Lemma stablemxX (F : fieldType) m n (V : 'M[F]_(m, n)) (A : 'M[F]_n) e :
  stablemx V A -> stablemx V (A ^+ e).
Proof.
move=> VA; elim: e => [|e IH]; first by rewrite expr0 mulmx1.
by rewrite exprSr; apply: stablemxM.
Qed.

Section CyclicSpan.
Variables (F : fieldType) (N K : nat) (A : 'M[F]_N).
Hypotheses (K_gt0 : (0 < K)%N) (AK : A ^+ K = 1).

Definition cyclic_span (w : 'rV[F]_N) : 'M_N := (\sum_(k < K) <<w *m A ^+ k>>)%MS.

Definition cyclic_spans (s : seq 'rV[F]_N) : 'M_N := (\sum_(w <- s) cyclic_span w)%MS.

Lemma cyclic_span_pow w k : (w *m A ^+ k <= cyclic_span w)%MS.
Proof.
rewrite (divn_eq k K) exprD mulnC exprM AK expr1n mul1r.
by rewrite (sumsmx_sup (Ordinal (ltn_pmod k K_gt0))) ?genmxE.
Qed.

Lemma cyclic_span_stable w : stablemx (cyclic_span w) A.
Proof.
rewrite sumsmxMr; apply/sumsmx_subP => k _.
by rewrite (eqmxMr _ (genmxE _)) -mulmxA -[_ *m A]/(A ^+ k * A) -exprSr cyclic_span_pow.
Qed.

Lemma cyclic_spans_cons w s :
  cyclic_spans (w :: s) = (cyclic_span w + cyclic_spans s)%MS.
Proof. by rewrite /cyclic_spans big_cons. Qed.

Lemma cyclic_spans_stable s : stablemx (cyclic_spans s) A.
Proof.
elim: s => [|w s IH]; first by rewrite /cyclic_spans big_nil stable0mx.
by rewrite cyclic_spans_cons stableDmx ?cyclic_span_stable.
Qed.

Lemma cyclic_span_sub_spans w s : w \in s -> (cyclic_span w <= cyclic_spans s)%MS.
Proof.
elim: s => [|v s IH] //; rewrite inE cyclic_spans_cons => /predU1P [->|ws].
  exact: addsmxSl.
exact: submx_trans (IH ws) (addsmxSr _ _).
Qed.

**PROBLEM REQUIREMENTS**.
Quote in full each line from the top of the records above through the line with "rewrite (divn_eq k"; stop after that line.

**EXERCISE RESPONSE**.
Lemma stablemxX (F : fieldType) m n (V : 'M[F]_(m, n)) (A : 'M[F]_n) e :
  stablemx V A -> stablemx V (A ^+ e).
Proof.
move=> VA; elim: e => [|e IH]; first by rewrite expr0 mulmx1.
by rewrite exprSr; apply: stablemxM.
Qed.

Section CyclicSpan.
Variables (F : fieldType) (N K : nat) (A : 'M[F]_N).
Hypotheses (K_gt0 : (0 < K)%N) (AK : A ^+ K = 1).

Definition cyclic_span (w : 'rV[F]_N) : 'M_N := (\sum_(k < K) <<w *m A ^+ k>>)%MS.

Definition cyclic_spans (s : seq 'rV[F]_N) : 'M_N := (\sum_(w <- s) cyclic_span w)%MS.

Lemma cyclic_span_pow w k : (w *m A ^+ k <= cyclic_span w)%MS.
Proof.
rewrite (divn_eq k K) exprD mulnC exprM AK expr1n mul1r.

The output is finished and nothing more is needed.